Take every line in the entries that includes the word "Require" and copy it.

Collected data
___

(* Let $f$, $g$, $\xi$, $F$ satisfy the standing assumptions below, and let $x$ be the unique continuous solution of $x'(t)=-f(x(t))+g(t)$, $t>0$, $x(0)=\xi$. Suppose there exist $\delta>0$ and a function $\phi$ which is increasing on $(0,\delta)$ with $\lim_{x\to0^+}f(x)/\phi(x)=1$. If \[ \lim_{t\to\infty}\frac{g(t)}{f(F^{-1}(t))}=0, \] then \[ \lim_{t\to\infty}\frac{F(x(t))}{t}=1 . \]
   Context: Standing assumptions: $f\in C(\mathbb{R};\mathbb{R})$ is locally Lipschitz continuous on $\mathbb{R}$, $f(0)=0$ and $xf(x)>0$ for $x\neq0$; $g\in C([0,\infty);\mathbb{R})$ with $g(t)>0$ for $t>0$; the initial value $\xi>0$. Define $F(x)=\int_x^1 \frac{du}{f(u)}$ for $x>0$, and assume $\lim_{x\to0^+}F(x)=+\infty$. $F$ is strictly decreasing on $(0,\infty)$ and $F^{-1}$ denotes its inverse (defined in particular on $[0,\infty)$, with $F^{-1}(t)\to0$ as $t\to\infty$). *)

From Stdlib Require Import Reals Lra ClassicalEpsilon.
Open Scope R_scope.

(* Oriented Riemann integral of h from a to b (Stdlib convention: RiemannInt
   is oriented). When h is not Riemann integrable the value is 0 (never used
   in the theorem, since 1/f is continuous on (0,oo)). The value does not
   depend on the chosen integrability proof (RiemannInt_P5). *)
Definition RInt (h : R -> R) (a b : R) : R :=
  match excluded_middle_informative (exists pr : Riemann_integrable h a b, True) with
  | left H => RiemannInt (proj1_sig (constructive_indefinite_description _ H))
  | right _ => 0
  end.

Definition Fdef (f : R -> R) (x : R) : R := RInt (fun u => / f u) x 1.

(* F^{-1}(t): the (unique, since F is strictly decreasing) y > 0 with F y = t. *)
Definition Finv (f : R -> R) (t : R) : R :=
  epsilon (inhabits 0) (fun y => 0 < y /\ Fdef f y = t).

Definition locally_lipschitz (f : R -> R) : Prop :=
  forall a b : R, exists L : R, forall u v : R,
    a <= u <= b -> a <= v <= b -> Rabs (f u - f v) <= L * Rabs (u - v).

Definition cont_on_nonneg (h : R -> R) : Prop :=
  forall t, 0 <= t -> forall eps, 0 < eps -> exists d, 0 < d /\
    forall s, 0 <= s -> Rabs (s - t) < d -> Rabs (h s - h t) < eps.

Definition lim_infty (h : R -> R) (l : R) : Prop :=
  forall eps, 0 < eps -> exists T, forall t, T < t -> Rabs (h t - l) < eps.

Definition lim_0plus (h : R -> R) (l : R) : Prop :=
  forall eps, 0 < eps -> exists d, 0 < d /\
    forall x, 0 < x < d -> Rabs (h x - l) < eps.

Definition lim_0plus_infty (h : R -> R) : Prop :=
  forall M, exists d, 0 < d /\ forall x, 0 < x < d -> M < h x.

From Pilot Require Import Defs.
From Stdlib Require Import Reals Lra ClassicalEpsilon.
From Coquelicot Require Import Coquelicot.
Open Scope R_scope.

(* Write u(t) = F(x(t)).  Since F' = -1/f, the chain rule gives
   u' = 1 - g / f(x) < 1, so u(t) <= t + C.  For the lower bound fix ep > 0.
   Whenever u(t) <= t we have x(t) >= F^{-1}(t); as x is eventually bounded
   (x + F^{-1} is eventually nonincreasing) and f is monotone near 0 up to a
   constant factor (it is asymptotic to the nondecreasing phi), f(F^{-1}(t))
   is dominated by 3 f(x(t)), hence g / f(x) < ep for large t and u' > 1 - ep.
   A barrier argument then keeps u(t) - (1 - ep) t bounded below, and the two
   bounds squeeze u(t) / t to 1. *)

Lemma lipschitz_continuous (f : R -> R) :
  locally_lipschitz f -> forall c, continuity_pt f c.
Proof.
  intros Hlip c eps Heps.
  destruct (Hlip (c - 1) (c + 1)) as [L HL].
  set (L' := Rabs L + 1).
  assert (HL' : 0 < L') by (unfold L'; pose proof (Rabs_pos L); lra).
  assert (HLL' : L <= L') by (unfold L'; pose proof (Rle_abs L); lra).
  exists (Rmin 1 (eps / L')); split.
  - apply Rmin_pos; [lra | apply Rdiv_lt_0_compat; lra].
  - intros y [_ Hy]; simpl in Hy; unfold R_dist in Hy; simpl; unfold R_dist.
    pose proof (Rmin_l 1 (eps / L')); pose proof (Rmin_r 1 (eps / L')).
    assert (Hy1 : Rabs (y - c) < 1) by lra.
    pose proof (Rabs_def2 _ _ Hy1).
    assert (Hlc := HL y c ltac:(lra) ltac:(lra)).
    assert (L * Rabs (y - c) <= L' * Rabs (y - c))
      by (apply Rmult_le_compat_r; [apply Rabs_pos | lra]).
    assert (L' * Rabs (y - c) < L' * (eps / L')) by (apply Rmult_lt_compat_l; lra).
    replace (L' * (eps / L')) with eps in * by (field; lra).
    lra.
Qed.

Definition cont_on_interval (h : R -> R) (a b : R) : Prop :=
  forall t, a <= t <= b -> forall eps, 0 < eps -> exists d, 0 < d /\
    forall s, a <= s <= b -> Rabs (s - t) < d -> Rabs (h s - h t) < eps.

Lemma derivable_cont_on_interval (h h' : R -> R) a b :
  (forall t, a <= t <= b -> derivable_pt_lim h t (h' t)) -> cont_on_interval h a b.
Proof.
  intros Hd t Ht eps Heps.
  assert (Hc : continuity_pt h t)
    by (apply derivable_continuous_pt; exists (h' t); apply Hd; auto).
  destruct (Hc eps Heps) as [d [Hd0 Hclose]].
  exists d; split; auto.
  intros s Hs Hst. destruct (Req_dec s t) as [-> | Hne].
  - rewrite Rminus_diag, Rabs_R0; lra.
  - apply (Hclose s). split; [split; [exact I | auto] | exact Hst].
Qed.

Lemma first_hit (h : R -> R) a b K :
  a <= b -> cont_on_interval h a b -> K < h a -> h b <= K ->
  exists s, a < s <= b /\ h s <= K /\ forall r, a <= r < s -> K < h r.
Proof.
  intros Hab Hc Ha Hb.
  set (E := fun s => a <= s <= b /\ forall r, a <= r <= s -> K < h r).
  assert (HEa : E a) by (split; [lra | intros r Hr; replace r with a by lra; exact Ha]).
  destruct (completeness E) as [m [Hub Hlub]].
  { exists b. intros y [Hy _]. lra. }
  { exists a. exact HEa. }
  assert (Ham : a <= m) by (apply Hub; exact HEa).
  assert (Hmb : m <= b) by (apply Hlub; intros y [Hy _]; lra).
  assert (Hbefore : forall r, a <= r < m -> K < h r).
  { intros r Hr. destruct (Rlt_or_le K (h r)) as [| Hle]; auto.
    assert (m <= r); [| lra].
    apply Hlub. intros y [Hy Hy']. destruct (Rle_or_lt y r) as [| Hry]; auto.
    specialize (Hy' r ltac:(lra)). lra. }
  assert (Hm : h m <= K).
  { destruct (Rle_or_lt (h m) K) as [| Hgt]; auto. exfalso.
    destruct (Req_dec m b) as [-> | Hmb'].
    { lra. }
    destruct (Hc m ltac:(lra) (h m - K) ltac:(lra)) as [d [Hd Hclose]].
    set (s := Rmin (m + d / 2) b).
    assert (Hs1 : s <= m + d / 2) by apply Rmin_l.
    assert (Hs2 : s <= b) by apply Rmin_r.
    assert (Hms : m < s) by (apply Rmin_glb_lt; lra).
    assert (Hs : E s).
    { split; [lra |]. intros r Hr. destruct (Rlt_or_le r m) as [| Hrm].
      - apply Hbefore; lra.
      - specialize (Hclose r ltac:(lra) ltac:(apply Rabs_def1; lra)).
        apply Rabs_def2 in Hclose. lra. }
    assert (s <= m) by (apply Hub; exact Hs).
    lra. }
  exists m. split; [| split]; auto.
  destruct (Req_dec a m) as [<- | ]; lra.
Qed.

___

= Problem solution =
From Stdlib Require Import Reals Lra ClassicalEpsilon.
From Pilot Require Import Defs.
From Stdlib Require Import Reals Lra ClassicalEpsilon.
From Coquelicot Require Import Coquelicot.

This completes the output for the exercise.